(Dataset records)
━━━━━━

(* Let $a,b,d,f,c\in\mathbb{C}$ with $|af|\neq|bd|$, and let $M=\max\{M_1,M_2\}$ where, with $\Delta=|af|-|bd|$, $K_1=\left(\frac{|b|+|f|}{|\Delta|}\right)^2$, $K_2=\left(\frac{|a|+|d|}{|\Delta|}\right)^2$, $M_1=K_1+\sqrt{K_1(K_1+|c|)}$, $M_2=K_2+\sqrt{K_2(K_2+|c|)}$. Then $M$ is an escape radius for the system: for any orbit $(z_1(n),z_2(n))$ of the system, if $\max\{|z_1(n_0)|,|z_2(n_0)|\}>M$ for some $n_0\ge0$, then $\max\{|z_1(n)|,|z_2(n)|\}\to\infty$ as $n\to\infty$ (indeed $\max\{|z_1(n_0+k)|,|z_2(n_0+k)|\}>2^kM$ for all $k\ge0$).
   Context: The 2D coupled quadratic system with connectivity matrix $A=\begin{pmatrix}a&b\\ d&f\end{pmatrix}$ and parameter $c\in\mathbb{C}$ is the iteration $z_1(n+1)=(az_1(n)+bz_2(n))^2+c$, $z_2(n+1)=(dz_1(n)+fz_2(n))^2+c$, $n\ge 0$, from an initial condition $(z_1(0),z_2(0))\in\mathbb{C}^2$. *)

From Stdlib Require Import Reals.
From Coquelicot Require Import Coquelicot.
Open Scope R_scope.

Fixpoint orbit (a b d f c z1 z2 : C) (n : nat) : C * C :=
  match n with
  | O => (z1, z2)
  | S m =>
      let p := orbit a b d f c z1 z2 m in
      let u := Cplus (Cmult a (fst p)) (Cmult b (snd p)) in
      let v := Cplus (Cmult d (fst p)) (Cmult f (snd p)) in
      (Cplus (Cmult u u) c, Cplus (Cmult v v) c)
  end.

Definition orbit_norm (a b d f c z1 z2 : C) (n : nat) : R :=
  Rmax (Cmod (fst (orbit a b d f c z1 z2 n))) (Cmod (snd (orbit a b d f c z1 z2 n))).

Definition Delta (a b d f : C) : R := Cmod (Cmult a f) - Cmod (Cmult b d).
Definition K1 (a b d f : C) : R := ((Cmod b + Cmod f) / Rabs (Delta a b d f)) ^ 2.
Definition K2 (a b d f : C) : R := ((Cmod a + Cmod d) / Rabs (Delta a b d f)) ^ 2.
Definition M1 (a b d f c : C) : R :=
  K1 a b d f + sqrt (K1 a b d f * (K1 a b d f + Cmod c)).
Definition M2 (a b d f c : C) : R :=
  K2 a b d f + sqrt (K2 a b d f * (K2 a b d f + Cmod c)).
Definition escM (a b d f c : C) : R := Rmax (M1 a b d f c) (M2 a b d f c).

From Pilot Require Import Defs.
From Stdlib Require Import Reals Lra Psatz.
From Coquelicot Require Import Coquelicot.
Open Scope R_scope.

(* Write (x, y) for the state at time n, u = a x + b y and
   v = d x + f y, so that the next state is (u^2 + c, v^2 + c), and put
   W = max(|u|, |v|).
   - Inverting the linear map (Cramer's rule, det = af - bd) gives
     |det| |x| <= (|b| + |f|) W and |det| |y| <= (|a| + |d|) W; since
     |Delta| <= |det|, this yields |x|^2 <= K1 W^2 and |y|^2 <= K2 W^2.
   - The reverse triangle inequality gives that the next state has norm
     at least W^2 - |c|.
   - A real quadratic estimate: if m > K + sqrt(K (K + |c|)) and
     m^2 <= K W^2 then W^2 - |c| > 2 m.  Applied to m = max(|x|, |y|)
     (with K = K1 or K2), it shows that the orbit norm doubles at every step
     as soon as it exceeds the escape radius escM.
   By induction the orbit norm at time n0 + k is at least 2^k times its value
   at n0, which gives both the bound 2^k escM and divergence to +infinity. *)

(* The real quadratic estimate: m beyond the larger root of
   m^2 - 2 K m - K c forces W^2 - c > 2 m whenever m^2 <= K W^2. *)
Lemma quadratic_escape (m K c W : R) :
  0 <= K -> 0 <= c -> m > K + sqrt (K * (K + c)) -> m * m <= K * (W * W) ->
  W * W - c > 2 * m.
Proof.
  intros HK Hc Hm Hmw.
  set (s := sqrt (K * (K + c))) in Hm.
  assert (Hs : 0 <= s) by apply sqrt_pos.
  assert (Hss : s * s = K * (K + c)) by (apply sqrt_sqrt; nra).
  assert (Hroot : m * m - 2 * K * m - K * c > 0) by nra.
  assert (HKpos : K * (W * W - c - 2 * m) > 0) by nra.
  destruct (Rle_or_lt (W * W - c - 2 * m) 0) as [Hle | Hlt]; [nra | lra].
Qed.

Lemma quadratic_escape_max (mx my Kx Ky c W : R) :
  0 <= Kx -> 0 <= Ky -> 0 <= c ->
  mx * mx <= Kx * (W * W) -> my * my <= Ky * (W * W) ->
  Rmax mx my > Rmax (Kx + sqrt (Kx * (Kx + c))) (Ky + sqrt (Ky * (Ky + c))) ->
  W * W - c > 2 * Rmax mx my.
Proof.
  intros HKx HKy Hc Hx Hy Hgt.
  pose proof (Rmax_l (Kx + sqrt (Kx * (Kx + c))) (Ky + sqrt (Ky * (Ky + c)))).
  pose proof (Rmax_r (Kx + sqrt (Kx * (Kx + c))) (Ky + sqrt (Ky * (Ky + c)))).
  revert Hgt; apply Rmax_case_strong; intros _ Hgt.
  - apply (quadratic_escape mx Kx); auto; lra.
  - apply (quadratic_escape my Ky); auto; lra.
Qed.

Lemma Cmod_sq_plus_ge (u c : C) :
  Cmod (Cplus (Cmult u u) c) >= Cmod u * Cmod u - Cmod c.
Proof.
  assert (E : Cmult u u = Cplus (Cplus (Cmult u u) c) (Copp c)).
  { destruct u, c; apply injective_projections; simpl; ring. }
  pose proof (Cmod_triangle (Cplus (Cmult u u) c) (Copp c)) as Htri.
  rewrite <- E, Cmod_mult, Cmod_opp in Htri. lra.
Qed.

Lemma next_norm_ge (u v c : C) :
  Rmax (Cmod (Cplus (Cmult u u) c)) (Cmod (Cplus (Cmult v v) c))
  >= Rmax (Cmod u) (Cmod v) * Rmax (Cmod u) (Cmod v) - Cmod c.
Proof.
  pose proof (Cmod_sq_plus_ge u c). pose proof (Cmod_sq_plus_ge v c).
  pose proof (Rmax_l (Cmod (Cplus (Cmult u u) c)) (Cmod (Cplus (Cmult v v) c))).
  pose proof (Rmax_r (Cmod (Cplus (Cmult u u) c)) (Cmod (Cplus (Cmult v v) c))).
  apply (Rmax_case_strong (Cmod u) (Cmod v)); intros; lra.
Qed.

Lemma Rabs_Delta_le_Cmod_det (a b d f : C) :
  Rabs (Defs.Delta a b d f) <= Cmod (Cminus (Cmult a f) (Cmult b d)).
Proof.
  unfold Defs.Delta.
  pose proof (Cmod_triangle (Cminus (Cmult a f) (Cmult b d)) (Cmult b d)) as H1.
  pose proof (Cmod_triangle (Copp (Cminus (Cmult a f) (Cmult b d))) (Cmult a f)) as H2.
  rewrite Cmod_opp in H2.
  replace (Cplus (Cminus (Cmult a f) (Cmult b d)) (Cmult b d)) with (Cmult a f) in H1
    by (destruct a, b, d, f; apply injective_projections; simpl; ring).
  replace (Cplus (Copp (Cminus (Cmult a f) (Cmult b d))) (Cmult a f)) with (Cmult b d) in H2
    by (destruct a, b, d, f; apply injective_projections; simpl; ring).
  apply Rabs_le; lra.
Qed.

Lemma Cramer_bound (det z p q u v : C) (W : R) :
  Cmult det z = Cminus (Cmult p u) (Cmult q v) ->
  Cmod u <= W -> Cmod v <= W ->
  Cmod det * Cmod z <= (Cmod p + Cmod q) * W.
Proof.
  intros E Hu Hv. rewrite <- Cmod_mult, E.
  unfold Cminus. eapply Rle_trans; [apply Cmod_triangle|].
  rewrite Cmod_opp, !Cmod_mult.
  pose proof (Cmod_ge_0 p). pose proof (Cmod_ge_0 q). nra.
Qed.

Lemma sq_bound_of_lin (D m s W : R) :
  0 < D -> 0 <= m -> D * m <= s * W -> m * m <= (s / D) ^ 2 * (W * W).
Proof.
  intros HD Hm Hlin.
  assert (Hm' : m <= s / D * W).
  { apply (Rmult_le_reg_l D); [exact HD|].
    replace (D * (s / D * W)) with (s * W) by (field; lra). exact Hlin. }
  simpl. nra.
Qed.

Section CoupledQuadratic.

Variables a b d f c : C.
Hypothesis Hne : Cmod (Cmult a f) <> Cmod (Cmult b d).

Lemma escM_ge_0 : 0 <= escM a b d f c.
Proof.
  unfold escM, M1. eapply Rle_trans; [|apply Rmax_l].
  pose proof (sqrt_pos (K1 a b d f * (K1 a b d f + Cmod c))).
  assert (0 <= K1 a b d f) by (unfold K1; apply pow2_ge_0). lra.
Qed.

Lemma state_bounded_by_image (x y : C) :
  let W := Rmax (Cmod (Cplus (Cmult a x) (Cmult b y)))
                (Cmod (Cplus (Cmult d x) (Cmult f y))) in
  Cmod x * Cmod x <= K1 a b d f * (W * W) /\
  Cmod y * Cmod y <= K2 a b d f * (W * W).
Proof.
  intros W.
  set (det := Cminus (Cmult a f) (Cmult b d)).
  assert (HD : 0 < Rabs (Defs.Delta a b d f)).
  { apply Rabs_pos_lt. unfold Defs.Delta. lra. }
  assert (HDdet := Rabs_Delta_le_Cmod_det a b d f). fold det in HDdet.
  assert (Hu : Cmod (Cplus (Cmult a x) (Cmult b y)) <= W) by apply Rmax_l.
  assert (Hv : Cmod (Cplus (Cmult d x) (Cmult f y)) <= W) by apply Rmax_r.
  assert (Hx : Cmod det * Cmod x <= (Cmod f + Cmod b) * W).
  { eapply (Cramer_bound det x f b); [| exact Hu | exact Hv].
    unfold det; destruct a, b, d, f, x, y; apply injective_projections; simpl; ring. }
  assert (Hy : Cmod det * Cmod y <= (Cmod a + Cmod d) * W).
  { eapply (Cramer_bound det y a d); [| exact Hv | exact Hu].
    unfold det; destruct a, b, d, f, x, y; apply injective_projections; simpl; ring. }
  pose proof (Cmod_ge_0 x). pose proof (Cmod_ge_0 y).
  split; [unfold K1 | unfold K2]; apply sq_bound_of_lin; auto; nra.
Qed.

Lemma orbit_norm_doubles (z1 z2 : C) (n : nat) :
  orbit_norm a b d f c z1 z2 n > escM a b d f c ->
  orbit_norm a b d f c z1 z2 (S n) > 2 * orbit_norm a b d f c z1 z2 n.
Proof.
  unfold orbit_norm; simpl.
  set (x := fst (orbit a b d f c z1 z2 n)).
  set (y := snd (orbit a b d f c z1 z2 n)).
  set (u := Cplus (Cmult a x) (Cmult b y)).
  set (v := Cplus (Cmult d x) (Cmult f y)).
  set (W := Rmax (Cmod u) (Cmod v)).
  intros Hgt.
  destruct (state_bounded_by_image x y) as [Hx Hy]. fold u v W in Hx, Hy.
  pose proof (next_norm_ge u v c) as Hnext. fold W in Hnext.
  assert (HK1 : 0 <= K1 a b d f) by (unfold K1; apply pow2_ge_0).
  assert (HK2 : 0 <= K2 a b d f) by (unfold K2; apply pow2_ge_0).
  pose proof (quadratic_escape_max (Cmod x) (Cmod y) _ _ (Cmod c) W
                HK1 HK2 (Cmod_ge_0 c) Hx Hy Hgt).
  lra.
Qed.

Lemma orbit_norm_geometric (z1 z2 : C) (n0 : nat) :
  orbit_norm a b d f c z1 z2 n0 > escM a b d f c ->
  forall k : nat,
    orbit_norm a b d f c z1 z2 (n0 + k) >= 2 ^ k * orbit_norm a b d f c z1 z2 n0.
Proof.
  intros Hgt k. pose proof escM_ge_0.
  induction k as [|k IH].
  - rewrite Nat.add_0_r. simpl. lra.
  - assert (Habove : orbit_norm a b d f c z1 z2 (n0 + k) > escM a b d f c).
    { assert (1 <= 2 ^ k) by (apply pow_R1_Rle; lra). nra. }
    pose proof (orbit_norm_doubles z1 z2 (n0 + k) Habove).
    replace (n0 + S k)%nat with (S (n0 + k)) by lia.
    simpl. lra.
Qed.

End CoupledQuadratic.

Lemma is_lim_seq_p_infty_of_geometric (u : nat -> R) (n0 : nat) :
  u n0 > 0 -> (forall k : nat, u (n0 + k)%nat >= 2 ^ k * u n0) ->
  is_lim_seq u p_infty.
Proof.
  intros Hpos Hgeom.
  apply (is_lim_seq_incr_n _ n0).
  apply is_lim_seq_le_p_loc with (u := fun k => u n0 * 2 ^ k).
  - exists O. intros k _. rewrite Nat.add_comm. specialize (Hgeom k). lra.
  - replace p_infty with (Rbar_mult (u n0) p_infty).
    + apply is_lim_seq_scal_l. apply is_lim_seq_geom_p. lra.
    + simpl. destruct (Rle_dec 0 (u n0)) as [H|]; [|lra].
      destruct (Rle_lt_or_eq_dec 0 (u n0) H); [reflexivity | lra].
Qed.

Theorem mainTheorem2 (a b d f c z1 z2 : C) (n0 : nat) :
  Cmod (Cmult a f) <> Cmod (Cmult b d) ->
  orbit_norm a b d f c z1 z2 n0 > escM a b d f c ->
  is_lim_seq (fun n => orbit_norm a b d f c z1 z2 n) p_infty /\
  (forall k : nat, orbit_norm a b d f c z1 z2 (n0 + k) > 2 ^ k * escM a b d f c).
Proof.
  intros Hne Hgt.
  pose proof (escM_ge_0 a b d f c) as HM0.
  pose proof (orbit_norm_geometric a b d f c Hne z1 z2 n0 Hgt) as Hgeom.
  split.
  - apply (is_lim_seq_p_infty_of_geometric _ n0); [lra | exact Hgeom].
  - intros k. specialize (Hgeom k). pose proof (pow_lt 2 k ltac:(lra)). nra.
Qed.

━━━━━━

* **Task details**
Begin with the first line of the records and finish with the line containing "- Inverting the". Reproduce those lines exactly, both ends included, and nothing else.

* **Response to the task**
(* Let $a,b,d,f,c\in\mathbb{C}$ with $|af|\neq|bd|$, and let $M=\max\{M_1,M_2\}$ where, with $\Delta=|af|-|bd|$, $K_1=\left(\frac{|b|+|f|}{|\Delta|}\right)^2$, $K_2=\left(\frac{|a|+|d|}{|\Delta|}\right)^2$, $M_1=K_1+\sqrt{K_1(K_1+|c|)}$, $M_2=K_2+\sqrt{K_2(K_2+|c|)}$. Then $M$ is an escape radius for the system: for any orbit $(z_1(n),z_2(n))$ of the system, if $\max\{|z_1(n_0)|,|z_2(n_0)|\}>M$ for some $n_0\ge0$, then $\max\{|z_1(n)|,|z_2(n)|\}\to\infty$ as $n\to\infty$ (indeed $\max\{|z_1(n_0+k)|,|z_2(n_0+k)|\}>2^kM$ for all $k\ge0$).
   Context: The 2D coupled quadratic system with connectivity matrix $A=\begin{pmatrix}a&b\\ d&f\end{pmatrix}$ and parameter $c\in\mathbb{C}$ is the iteration $z_1(n+1)=(az_1(n)+bz_2(n))^2+c$, $z_2(n+1)=(dz_1(n)+fz_2(n))^2+c$, $n\ge 0$, from an initial condition $(z_1(0),z_2(0))\in\mathbb{C}^2$. *)

From Stdlib Require Import Reals.
From Coquelicot Require Import Coquelicot.
Open Scope R_scope.

Fixpoint orbit (a b d f c z1 z2 : C) (n : nat) : C * C :=
  match n with
  | O => (z1, z2)
  | S m =>
      let p := orbit a b d f c z1 z2 m in
      let u := Cplus (Cmult a (fst p)) (Cmult b (snd p)) in
      let v := Cplus (Cmult d (fst p)) (Cmult f (snd p)) in
      (Cplus (Cmult u u) c, Cplus (Cmult v v) c)
  end.

Definition orbit_norm (a b d f c z1 z2 : C) (n : nat) : R :=
  Rmax (Cmod (fst (orbit a b d f c z1 z2 n))) (Cmod (snd (orbit a b d f c z1 z2 n))).

Definition Delta (a b d f : C) : R := Cmod (Cmult a f) - Cmod (Cmult b d).
Definition K1 (a b d f : C) : R := ((Cmod b + Cmod f) / Rabs (Delta a b d f)) ^ 2.
Definition K2 (a b d f : C) : R := ((Cmod a + Cmod d) / Rabs (Delta a b d f)) ^ 2.
Definition M1 (a b d f c : C) : R :=
  K1 a b d f + sqrt (K1 a b d f * (K1 a b d f + Cmod c)).
Definition M2 (a b d f c : C) : R :=
  K2 a b d f + sqrt (K2 a b d f * (K2 a b d f + Cmod c)).
Definition escM (a b d f c : C) : R := Rmax (M1 a b d f c) (M2 a b d f c).

From Pilot Require Import Defs.
From Stdlib Require Import Reals Lra Psatz.
From Coquelicot Require Import Coquelicot.
Open Scope R_scope.

(* Write (x, y) for the state at time n, u = a x + b y and
   v = d x + f y, so that the next state is (u^2 + c, v^2 + c), and put
   W = max(|u|, |v|).
   - Inverting the linear map (Cramer's rule, det = af - bd) gives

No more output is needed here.